Norfolk Southern (NYSE:NSC)
As the operator of one of the largest railway networks in the country, 21,000 miles in all, Norfolk Southern is poised to take market share away from traditional trucking companies as we move toward a greener future. The company boasts that each of its trains can remove more than 300 truckloads of freight from our highways, reducing greenhouse gases and fuel demand. Given the bullishness of the current administration toward "green" initiatives, this certainly bodes well for Norfolk. Coming off a record-setting year, as income before taxes increased 17% for the quarter, Norfolk's board increased the dividend by 6%. The railroad now yields 4.1%. This yield is supported by the company's hefty cash position of $618 million and the $1.2 billion in free cash flow it produced in 2008. In addition, Norfolk is undergoing a massive capital expenditure reduction plan that will shave $144 million in 2009.

Hudson City Bancorp (Nasdaq:HCBK)
Not all financial companies dove headfirst into crazy exotic mortgages. While making conservative lending decisions, HudsonCity has flourished in the current credit mess.

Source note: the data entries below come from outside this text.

Lemma perfect_matching_partner A M x :
  symmetric e -> is_perfect_matching A e M -> x \in A ->
  exists y0, forall y, [&& y \in A, e x y, y != x & [set x; y] \in M] = (y == y0).
Proof.
move=> e_sym pmM xA; case: (perfect_matching_cover pmM xA) => B BM xB.
case: (perfect_matching_blockP pmM BM) => a [b [EB nab eab aA bA]].
have [y0 [EB0 y0A exy0 y0x]] : exists y0, [/\ B = [set x; y0], y0 \in A, e x y0 & y0 != x].
  move: xB; rewrite EB => /set2P[->|->]; first by exists b; rewrite eq_sym.
  by exists a; rewrite setUC e_sym.
exists y0 => y; apply/idP/eqP => [/and4P[_ _ yx xyM]|->]; last by rewrite y0A exy0 y0x -EB0.
have := set22 x y; rewrite (perfect_matching_unique pmM xyM BM (set21 _ _) xB) EB0.
by case/set2P=> // yE; rewrite yE eqxx in yx.
Qed.

Lemma num_tilings_expand A x :
  symmetric e -> x \in A ->
  num_tilings A e = \sum_(y in A | e x y && (y != x)) num_tilings (A :\ x :\ y) e.
Proof.
move=> e_sym xA.
rewrite (eq_bigr (fun y => \sum_(M | is_perfect_matching A e M && ([set x; y] \in M)) 1));
  last first.
  move=> y /andP[yA /andP[exy yx]].
  rewrite -card_perfect_matchings_with // 1?eq_sym // -sum1_card.
  by apply: eq_bigl => M; rewrite inE.
rewrite (exchange_big_dep (is_perfect_matching A e)) => [|y M _ /andP[] //].
rewrite /num_tilings -sum1_card; apply: eq_big => [M|M]; rewrite ?inE // => pmM.
case: (perfect_matching_partner e_sym pmM xA) => y0 Ey0.
by rewrite (big_pred1 y0) // => y; rewrite /= pmM -Ey0 !andbA andbT.
Qed.

End PerfectMatchings.

Lemma cart_rel_sym (V W : finType) (e1 : rel V) (e2 : rel W) :
  symmetric e1 -> symmetric e2 -> symmetric (cart_rel e1 e2).
Proof. by move=> e1_sym e2_sym p q; rewrite /cart_rel e1_sym e2_sym (eq_sym p.1) (eq_sym p.2). Qed.

Lemma path_rel_sym m : symmetric (@path_rel m).
Proof. by move=> i j; rewrite /path_rel orbC. Qed.

Lemma num_tilings_cart_expand (V W : finType) (e1 : rel V) (e2 : rel W)
    (A : {set V * W}) x w :
  symmetric e1 -> symmetric e2 -> (x, w) \in A ->
  num_tilings A (cart_rel e1 e2) =
    \sum_(y | [&& (y, w) \in A, e1 x y & y != x])
       num_tilings (A :\ (x, w) :\ (y, w)) (cart_rel e1 e2)
  + \sum_(v | [&& (x, v) \in A, e2 w v & v != w])
       num_tilings (A :\ (x, w) :\ (x, v)) (cart_rel e1 e2).
Proof.
move=> e1_sym e2_sym xwA.
rewrite (num_tilings_expand (cart_rel_sym e1_sym e2_sym) xwA) (bigID (fun q => q.2 == w)) /=.
congr (_ + _).
  rewrite (reindex_onto (fun y => (y, w)) fst) => [|[y v] /andP[_ /eqP/= ->] //].
  apply: eq_bigl => y; rewrite /cart_rel /= !eqxx !xpair_eqE andbT.
  by case: (eqVneq y x) => [->|]; rewrite ?eqxx ?andbF //= andbT.
rewrite (reindex_onto (fun v => (x, v)) snd) => [|[y v] /andP[/andP[_ /andP[]]]] /=; last first.
  rewrite /cart_rel /= eq_sym => /orP[/andP[/eqP-> _] //|/andP[/eqP-> _]] _.
  by rewrite eqxx.
apply: eq_bigl => v; rewrite /cart_rel /= !eqxx !xpair_eqE /= andbT.
by case: (eqVneq v w) => [->|]; rewrite ?eqxx ?andbF //= andbT !orbF.
Qed.

(* Unlike [enum 'I_n], this enumeration reduces under [vm_compute]. *)
Fixpoint ords n : seq 'I_n := if n is k.+1 then ord0 :: map (lift ord0) (ords k) else [::].
Lemma Cexp_nz z : Cexp z <> RC 0.
Proof.
  intro E. pose proof (Cmod_Cexp z) as H. rewrite E, Cmod_RC, Rabs_R0 in H.
  pose proof (exp_pos (fst z)); lra.
Qed.

Lemma polar_form z : exists th, z = (Cmod z * cos th, Cmod z * sin th).
Proof.
  unfold Cmod, Cnorm2. destruct z as [x y]; cbn [fst snd].
  set (r := sqrt (x ^ 2 + y ^ 2)).
  assert (Hr2 : r * r = x ^ 2 + y ^ 2) by (apply sqrt_sqrt; nra).
  assert (Hr_nn : 0 <= r) by apply sqrt_pos.
  clearbody r.
  destruct (Req_dec r 0) as [E|Hr0].
  { exists 0. subst r. ceq; nra. }
  assert (Hr : 0 < r) by lra.
  assert (Hx : -1 <= x / r <= 1).
  { split; apply Rmult_le_reg_r with r; auto;
      unfold Rdiv; rewrite Rmult_assoc, Rinv_l by lra; nra. }
  assert (Hs : sqrt (1 - (x / r)²) = Rabs (y / r)).
  { rewrite <- sqrt_Rsqr_abs. f_equal. unfold Rsqr.
    replace 1 with ((x ^ 2 + y ^ 2) / (r * r)) at 1 by (rewrite <- Hr2; field; lra).
    field. lra. }
  destruct (Rle_dec 0 y).
  - exists (acos (x / r)).
    assert (0 <= y / r) by (apply Rmult_le_pos; [lra | left; apply Rinv_0_lt_compat; lra]).
    rewrite cos_acos, sin_acos, Hs, Rabs_pos_eq by auto.
    ceq; field; lra.
  - exists (- acos (x / r)).
    assert (y / r < 0).
    { apply Rmult_lt_reg_r with r; auto. unfold Rdiv. rewrite Rmult_assoc, Rinv_l by lra. lra. }
    rewrite cos_neg, sin_neg, cos_acos, sin_acos, Hs, Rabs_left by auto.
    ceq; field; lra.
Qed.

(** * Complex sequences *)

Lemma Clim_eq u l : Ccv u l -> Clim u = l.
Proof.
  intro H. unfold Clim.
  assert (E : exists l, Ccv u l) by eauto.
  destruct (epsilon_spec (inhabits (RC 0)) (fun l => Ccv u l) E) as [H1 H2].
  destruct H as [H3 H4]. ceq; eapply UL_sequence; eauto.
Qed.

Lemma Ccv_of_Cmod u l :
  (forall eps, 0 < eps -> exists N, forall n, (n >= N)%nat -> Cmod (Csub (u n) l) < eps) ->
  Ccv u l.
Proof.
  intro H. split; intros eps Heps; destruct (H eps Heps) as [N HN]; exists N; intros n Hn;
    specialize (HN n Hn); unfold R_dist, Rminus in *.
  - pose proof (Cmod_fst (Csub (u n) l)). simpl in *. lra.
  - pose proof (Cmod_snd (Csub (u n) l)). simpl in *. lra.
Qed.

Lemma Cmod_of_Ccv u l : Ccv u l ->
  forall eps, 0 < eps -> exists N, forall n, (n >= N)%nat -> Cmod (Csub (u n) l) < eps.
Proof.
  intros [H1 H2] eps Heps.
  destruct (H1 (eps / 2)) as [N1 HN1]; [lra|].
  destruct (H2 (eps / 2)) as [N2 HN2]; [lra|].
  exists (max N1 N2). intros n Hn.
  specialize (HN1 n ltac:(lia)). specialize (HN2 n ltac:(lia)). unfold R_dist, Rminus in *.
  pose proof (Cmod_le_l1 (Csub (u n) l)). simpl in *. lra.
Qed.

Lemma Ccv_eventually_ext u w l N :
  (forall n, (n >= N)%nat -> u n = w n) -> Ccv u l -> Ccv w l.
Proof.
  intros E H. apply Ccv_of_Cmod. intros eps Heps.
  destruct (Cmod_of_Ccv u l H eps Heps) as [M HM]. exists (max N M). intros n Hn.
  rewrite <- E by lia. apply HM. lia.
Qed.

Lemma Ccv_shift u l N : Ccv (fun n => u (n + N)%nat) l -> Ccv u l.
Proof.
  intros H. apply Ccv_of_Cmod. intros eps Heps.
  destruct (Cmod_of_Ccv _ l H eps Heps) as [M HM]. exists (M + N)%nat. intros n Hn.
  replace n with ((n - N) + N)%nat by lia. apply HM. lia.
Qed.

Lemma Ccv_const z : Ccv (fun _ => z) z.
Proof.
  split; intros eps H; exists 0%nat; intros; unfold R_dist; rewrite Rminus_diag, Rabs_R0; auto.
Qed.

Lemma Ccv_mul u w l k : Ccv u l -> Ccv w k -> Ccv (fun n => Cmul (u n) (w n)) (Cmul l k).
Proof.
  intros [H1 H2] [H3 H4]. split; simpl.
  - apply CV_minus; apply CV_mult; auto.
  - apply CV_plus; apply CV_mult; auto.
Qed.

Lemma Ccv_conj u l : Ccv u l -> Ccv (fun n => Cconj (u n)) (Cconj l).
Proof. intros [H1 H2]; split; simpl; auto. apply CV_opp; auto. Qed.

Definition Ccauchy (u : nat -> Cx) : Prop :=
  forall eps, 0 < eps -> exists N, forall n m, (n >= N)%nat -> (m >= N)%nat ->
    Cmod (Csub (u n) (u m)) < eps.

Lemma Ccauchy_cv u : Ccauchy u -> exists l, Ccv u l.
Proof.
  intro H.
  assert (C1 : Cauchy_crit (fun n => fst (u n))).
  { intros eps Heps. destruct (H eps Heps) as [N HN]. exists N. intros n m Hn Hm.
    specialize (HN n m Hn Hm). pose proof (Cmod_fst (Csub (u n) (u m))).
    simpl in *. unfold R_dist, Rminus in *. lra. }
  assert (C2 : Cauchy_crit (fun n => snd (u n))).
  { intros eps Heps. destruct (H eps Heps) as [N HN]. exists N. intros n m Hn Hm.
    specialize (HN n m Hn Hm). pose proof (Cmod_snd (Csub (u n) (u m))).
    simpl in *. unfold R_dist, Rminus in *. lra. }
  destruct (R_complete _ C1) as [l1 H1], (R_complete _ C2) as [l2 H2].
  exists (l1, l2). split; auto.
Qed.

Lemma Ccauchy_ordered u :
  (forall eps, 0 < eps -> exists N, forall n m, (m >= N)%nat -> (n >= m)%nat ->
     Cmod (Csub (u n) (u m)) < eps) -> Ccauchy u.
Proof.
  intros H eps Heps. destruct (H eps Heps) as [N HN]. exists N. intros n m Hn Hm.
  destruct (Compare_dec.le_lt_dec m n).
  - apply HN; lia.
  - rewrite Cmod_sub_sym. apply HN; lia.
Qed.

Lemma Ccv_Cmod_lower u l c N :
  Ccv u l -> (forall n, (n >= N)%nat -> c <= Cmod (u n)) -> c <= Cmod l.
Proof.
  intros H Hc. apply Rnot_lt_le. intro Hlt.
  destruct (Cmod_of_Ccv u l H (c - Cmod l)) as [M HM]; [lra|].
  specialize (HM (max N M) ltac:(lia)). specialize (Hc (max N M) ltac:(lia)).
  pose proof (Cmod_add (Csub (u (max N M)) l) l) as T.
  replace (Cadd (Csub (u (max N M)) l) l) with (u (max N M)) in T by (unfold Csub; ceq; ring).
  lra.
Qed.

Lemma Ccv_dist_upper u l a c N :
  Ccv u l -> (forall n, (n >= N)%nat -> Cmod (Csub (u n) a) <= c) -> Cmod (Csub l a) <= c.
Proof.
  intros H Hc. apply Rnot_lt_le. intro Hlt.
  destruct (Cmod_of_Ccv u l H (Cmod (Csub l a) - c)) as [M HM]; [lra|].
  specialize (HM (max N M) ltac:(lia)). specialize (Hc (max N M) ltac:(lia)).
  pose proof (Cmod_sub_triangle l (u (max N M)) a) as T.
  rewrite (Cmod_sub_sym l (u (max N M))) in T. lra.
Qed.

Lemma eventually_small C x : 0 < x -> exists N, forall n, (n >= N)%nat -> C / (INR n + 1) < x.
Proof.
  intro Hx. destruct (INR_unbounded (C / x)) as [N HN]. exists N. intros n Hn.
  apply le_INR in Hn. pose proof (pos_INR N).
  apply Rmult_lt_reg_r with (INR n + 1); [lra|].
  replace (C / (INR n + 1) * (INR n + 1)) with C by (field; lra).
  assert (C = C / x * x) by (field; lra).
  apply Rmult_lt_compat_r with (r := x) in HN; auto. nra.
Qed.

Lemma Cmod_near_one z : 1 - Cmod (Csub z (RC 1)) <= Cmod z <= 1 + Cmod (Csub z (RC 1)).
Proof.
  pose proof (Cmod_sub_triangle z (RC 1) (RC 0)) as H1.
  pose proof (Cmod_sub_triangle (RC 1) z (RC 0)) as H2.
  replace (Csub z (RC 0)) with z in H1, H2 by (unfold Csub; ceq; ring).
  replace (Csub (RC 1) (RC 0)) with (RC 1) in H1, H2 by (unfold Csub; ceq; ring).
  rewrite Cmod_RC, Rabs_R1 in H1, H2. rewrite (Cmod_sub_sym (RC 1)) in H2. lra.
Qed.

Full year 2008 earnings clocked in at a record $445.6 million with non-performing loans at a low 0.43%. This gives the financial company the distinction of being the best-performing bank in the S&P 500 for 2008. Management is confident enough in Hudson's future to raise the dividend by 56% - the fifth consecutive quarter it has raised it. The bank's shares currently yield a healthy 5.2%.

Bottom Line
While the financial headlines seem to point to total devastation each day, there are rays of hope. Plenty of responsible companies are still rewarding shareholders with ever-increasing payouts. We just need to sift through all the gloom and doom. As investors, we should focus our attention to these sorts of equities.